0

I wrote a script that gets me specific elements from the html string. Everything works, while the script get unnecessary values. I want to download only the second value (.*?). How can I modify the expression to get only the second value skip the rest?.

My script:

<?php
$html = '
<tr><td>AD - Andorra<td>CA - Canada
<tr><td>AE - United Arab Emirates<td>PR - Puerto Rico
<tr><td>AF - Afghanistan<td>US - United States of America
<tr><td>AG - Antigua and Barbuda<td>
';
preg_match_all('/<td>(.*?)<td>(.*?)\n/s', $html, $value);
print_r($value);
?>

2 Answers2

1

While there are many ways to skin this cat, and most people would insist that a regular expression solution is an absolute no-go, it seems to me that you are already there, your code produces the correct result in $value[2] -- an array holding the values of the second capturing parentheses.

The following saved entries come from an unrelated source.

Lemma ipDr x y z : ip z (x + y) = ip z x + ip z y.
Proof. by rewrite ipC ipDl rmorphD /= -!ipC. Qed.

Lemma ipZr a x z : ip z (a *: x) = conjc a * ip z x.
Proof. by rewrite ipC ipZl rmorphM /= -!ipC. Qed.

Lemma ip0r z : ip z 0 = 0.
Proof. by rewrite ipC ip0l conjc0. Qed.

Lemma ipNr x z : ip z (- x) = - ip z x.
Proof. by rewrite ipC ipNl rmorphN /= -ipC. Qed.

Lemma ipBr x y z : ip z (x - y) = ip z x - ip z y.
Proof. by rewrite ipDr ipNr. Qed.

Lemma ip_suml (T : Type) (r : seq T) (P : pred T) (f : T -> H) z :
  ip (\sum_(i <- r | P i) f i) z = \sum_(i <- r | P i) ip (f i) z.
Proof. by elim/big_rec2: _ => [|i y1 y2 _ <-]; rewrite ?ip0l ?ipDl. Qed.

Lemma ip_sumr (T : Type) (r : seq T) (P : pred T) (f : T -> H) z :
  ip z (\sum_(i <- r | P i) f i) = \sum_(i <- r | P i) ip z (f i).
Proof. by elim/big_rec2: _ => [|i y1 y2 _ <-]; rewrite ?ip0r ?ipDr. Qed.

Lemma ip_ge0 x : 0 <= ip x x.
Proof.
have [->|x0] := eqVneq x 0; first by rewrite ip0l.
by case: hH => _ _ h _; case: (h x x0) => r [r0 ->]; rewrite ler0c ltW.
Qed.

Lemma ip_eq0 x : ip x x = 0 -> x = 0.
Proof.
have [//|x0] := eqVneq x 0.
case: hH => _ _ h _; case: (h x x0) => r [r0 ->] /complexI r00.
by move: r0; rewrite r00 ltxx.
Qed.

Lemma hnorm_ge0 x : 0 <= hnorm ip x.
Proof. exact: sqrtr_ge0. Qed.

Lemma sqr_hnorm x : hnorm ip x ^+ 2 = cabs (ip x x).
Proof. by rewrite /hnorm sqr_sqrtr // cabs_ge0. Qed.

Lemma sqr_hnormC x : ((hnorm ip x ^+ 2)%:C)%C = ip x x.
Proof. by rewrite sqr_hnorm cabsE ger0_norm // ip_ge0. Qed.

Lemma hnorm_eq0 x : hnorm ip x = 0 -> x = 0.
Proof. by move=> h; apply: ip_eq0; rewrite -sqr_hnormC h expr0n. Qed.

Lemma hnorm0 : hnorm ip 0 = 0.
Proof. by rewrite /hnorm ip0l /cabs Normc.normc0 sqrtr0. Qed.

Lemma hnorm_sqrE x r : 0 <= r -> ip x x = ((r ^+ 2)%:C)%C -> hnorm ip x = r.
Proof. by move=> r0 e; rewrite /hnorm e cabsR ?sqr_ge0 // sqrtr_sqr ger0_norm. Qed.

Lemma hnormrZ a x : hnorm ip (a *: x) = cabs a * hnorm ip x.
Proof.
apply: hnorm_sqrE; first by rewrite mulr_ge0 ?cabs_ge0 ?hnorm_ge0.
by rewrite ipZl ipZr exprMn rmorphM /= sqr_cabsC sqr_hnormC mulrA.
Qed.

Lemma hnormrN x : hnorm ip (- x) = hnorm ip x.
Proof. by rewrite /hnorm ipNl ipNr opprK. Qed.

Lemma hnorm_distrC x y : hnorm ip (x - y) = hnorm ip (y - x).
Proof. by rewrite -hnormrN opprB. Qed.

Lemma cauchy_schwarz x y : cabs (ip x y) <= hnorm ip x * hnorm ip y.
Proof.
have [->|y0] := eqVneq y 0.
  by rewrite ip0r /cabs Normc.normc0 hnorm0 mulr0.
set a := ip x x; set b := ip y y; set c := ip x y.
have hb : b = ((hnorm ip y ^+ 2)%:C)%C by rewrite sqr_hnormC.
have ha : a = ((hnorm ip x ^+ 2)%:C)%C by rewrite sqr_hnormC.
have b0 : b != 0 by apply: contra_neq y0; apply: ip_eq0.
have hy_gt0 : 0 < hnorm ip y ^+ 2.
  by rewrite lt0r sqr_ge0 andbT; apply: contra b0 => /eqP e; rewrite hb e.
have := ip_ge0 (x - (c / b) *: y).
rewrite !(ipBl, ipBr, ipZl, ipZr) -/a -/b -/c [ip y x]ipC -/c.
have tJ : conjc (c / b) = conjc c / b by rewrite rmorphM /= conjc_inv hb conjc_real.
have -> : a - conjc (c / b) * c - (c / b * conjc c - c / b * (conjc (c / b) * b))
          = a - c * conjc c / b by rewrite tJ; field.
rewrite ha hb -sqr_cabsC -fmorphV -rmorphM -rmorphB ler0c subr_ge0.
rewrite ler_pdivrMr // => h.
by rewrite -(@ler_pXn2r _ 2) ?nnegrE ?cabs_ge0 ?mulr_ge0 ?hnorm_ge0 // exprMn.
Qed.

Lemma ler_hnormD x y : hnorm ip (x + y) <= hnorm ip x + hnorm ip y.
Proof.
have e : ip (x + y) (x + y) =
    ((hnorm ip x ^+ 2 + hnorm ip y ^+ 2 + 2 * complex.Re (ip x y))%:C)%C.
  rewrite !(ipDl, ipDr) !rmorphD /= !sqr_hnormC rmorphM /= rmorph_nat -addcJ.
  by rewrite [ip y x]ipC; ring.
rewrite -(@ler_pXn2r _ 2) // ?nnegrE ?addr_ge0 ?hnorm_ge0 //.
move: (sqr_hnormC (x + y)); rewrite e => /complexI ->.
have := le_trans (Re_le_cabs _) (cauchy_schwarz x y).
rewrite sqrrD -mulr_natr; nra.
Qed.

Lemma ler_hnormB x y : hnorm ip (x - y) <= hnorm ip x + hnorm ip y.
Proof. by rewrite -(hnormrN y) ler_hnormD. Qed.

End InnerProduct.

Section Orthonormal.
Variable R : realType.
Local Notation C := R[i].
Variable H : lmodType C.
Variable ip : H -> H -> C.
Hypothesis hH : is_hilbert ip.
Variable e : nat -> H.
Hypothesis e_orthonormal : forall n m : nat, ip (e n) (e m) = (n == m)%:R.

Lemma ip_sumZl (r : seq nat) (a : nat -> C) v :
  ip (\sum_(k <- r) a k *: e k) v = \sum_(k <- r) a k * ip (e k) v.
Proof. by rewrite (ip_suml hH); apply: eq_bigr => k _; rewrite (ipZl hH). Qed.

Lemma ip_sumZr (r : seq nat) (a : nat -> C) v :
  ip v (\sum_(k <- r) a k *: e k) = \sum_(k <- r) conjc (a k) * ip v (e k).
Proof. by rewrite (ip_sumr hH); apply: eq_bigr => k _; rewrite (ipZr hH). Qed.

Lemma ip_sumZ (r : seq nat) (a b : nat -> C) : uniq r ->
  ip (\sum_(k <- r) a k *: e k) (\sum_(k <- r) b k *: e k) =
  \sum_(k <- r) a k * conjc (b k).
Proof.
move=> ur; rewrite ip_sumZl; apply: eq_big_seq => i ir.
rewrite ip_sumZr (bigD1_seq i) //= e_orthonormal eqxx mulr1 big1 ?addr0 //.
by move=> j ji; rewrite e_orthonormal eq_sym (negbTE ji) mulr0.
Qed.

Lemma pythagoras (r : seq nat) (a : nat -> C) : uniq r ->
  hnorm ip (\sum_(k <- r) a k *: e k) ^+ 2 = \sum_(k <- r) cabs (a k) ^+ 2.
Proof.
move=> ur; apply: complexI; rewrite (sqr_hnormC hH) ip_sumZ // rmorph_sum /=.
by apply: eq_bigr => k _; rewrite sqr_cabsC.
Qed.

Lemma bessel_inequality v N :
  \sum_(k < N) cabs (ip v (e k)) ^+ 2 <= hnorm ip v ^+ 2.
Proof.
rewrite -(big_mkord xpredT (fun k => cabs (ip v (e k)) ^+ 2)).
set r := index_iota 0 N; have ur : uniq r by rewrite /r /index_iota iota_uniq.
set c := fun k => ip v (e k).
set s := \sum_(k <- r) c k *: e k.
have sum_sqr : \sum_(k <- r) c k * conjc (c k) = ((\sum_(k <- r) cabs (c k) ^+ 2)%:C)%C.
  by rewrite rmorph_sum /=; apply: eq_bigr => k _; rewrite sqr_cabsC.
have ip_vs : ip v s = \sum_(k <- r) c k * conjc (c k).
  by rewrite ip_sumZr; apply: eq_bigr => k _; rewrite mulrC.
have ip_sv : ip s v = \sum_(k <- r) c k * conjc (c k).
  by rewrite ip_sumZl; apply: eq_bigr => k _; rewrite (ipC hH).
have := ip_ge0 hH (v - s).
rewrite (ipBl hH) !(ipBr hH) ip_vs ip_sv ip_sumZ // sum_sqr -(sqr_hnormC hH v).
by rewrite subrr subr0 -rmorphB ler0c subr_ge0.
Qed.

End Orthonormal.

Here a psysh session executing your code --

>>> $html = '
             <tr><td>AD - Andorra<td>CA - Canada
             <tr><td>AE - United Arab Emirates<td>PR - Puerto Rico
             <tr><td>AF - Afghanistan<td>US - United States of America
             <tr><td>AG - Antigua and Barbuda<td>
    ;
    preg_match_all('/<td>(.*?)<td>(.*?)\n/s', $html, $value); 
    print_r($value);
... ... ... ... ... => """
\n
<tr><td>AD - Andorra<td>CA - Canada\n
<tr><td>AE - United Arab Emirates<td>PR - Puerto Rico\n
<tr><td>AF - Afghanistan<td>US - United States of America\n
<tr><td>AG - Antigua and Barbuda<td>\n
"""
>>> => 4
>>> Array
(
    [0] => Array
        (
            [0] => <td>AD - Andorra<td>CA - Canada
            [1] => <td>AE - United Arab Emirates<td>PR - Puerto Rico
            [2] => <td>AF - Afghanistan<td>US - United States of America
            [3] => <td>AG - Antigua and Barbuda<td>
        )
    [1] => Array
        (
            [0] => AD - Andorra
            [1] => AE - United Arab Emirates
            [2] => AF - Afghanistan
            [3] => AG - Antigua and Barbuda
        )
    [2] => Array
        (
            [0] => CA - Canada
            [1] => PR - Puerto Rico
            [2] => US - United States of America
            [3] => 
        )
)
=> true

You can modify the regular expression to only capture the second column by turning the first into non-capturing parenthesis '/<td>(?:.*?)<td>(.*?)\n/s': (notice the ?: added after the first opening (. Your desired result sits in $value[1] then. The modified code executed:

>>> $html = '
    <tr><td>AD - Andorra<td>CA - Canada
    <tr><td>AE - United Arab Emirates<td>PR - Puerto Rico
    <tr><td>AF - Afghanistan<td>US - United States of America
    <tr><td>AG - Antigua and Barbuda<td>
';
preg_match_all('/<td>(?:.*?)<td>(.*?)\n/s', $html, $value);
print_r($value);
... ... ... ... ... => """
   \n
   <tr><td>AD - Andorra<td>CA - Canada\n
   <tr><td>AE - United Arab Emirates<td>PR - Puerto Rico\n
   <tr><td>AF - Afghanistan<td>US - United States of America\n
   <tr><td>AG - Antigua and Barbuda<td>\n
"""
>>> => 4
>>> Array
(
    [0] => Array
        (
            [0] => <td>AD - Andorra<td>CA - Canada
            [1] => <td>AE - United Arab Emirates<td>PR - Puerto Rico    
            [2] => <td>AF - Afghanistan<td>US - United States of America
            [3] => <td>AG - Antigua and Barbuda<td> 
        )
    [1] => Array
        (
            [0] => CA - Canada
            [1] => PR - Puerto Rico
            [2] => US - United States of America
            [3] => 
        ) 
)
=> true
Tom Regner
  • 6,856
  • 4
  • 32
  • 47
0

You can split the string an work with an array. http://php.net/manual/en/function.explode.php

josedan10
  • 1
  • 3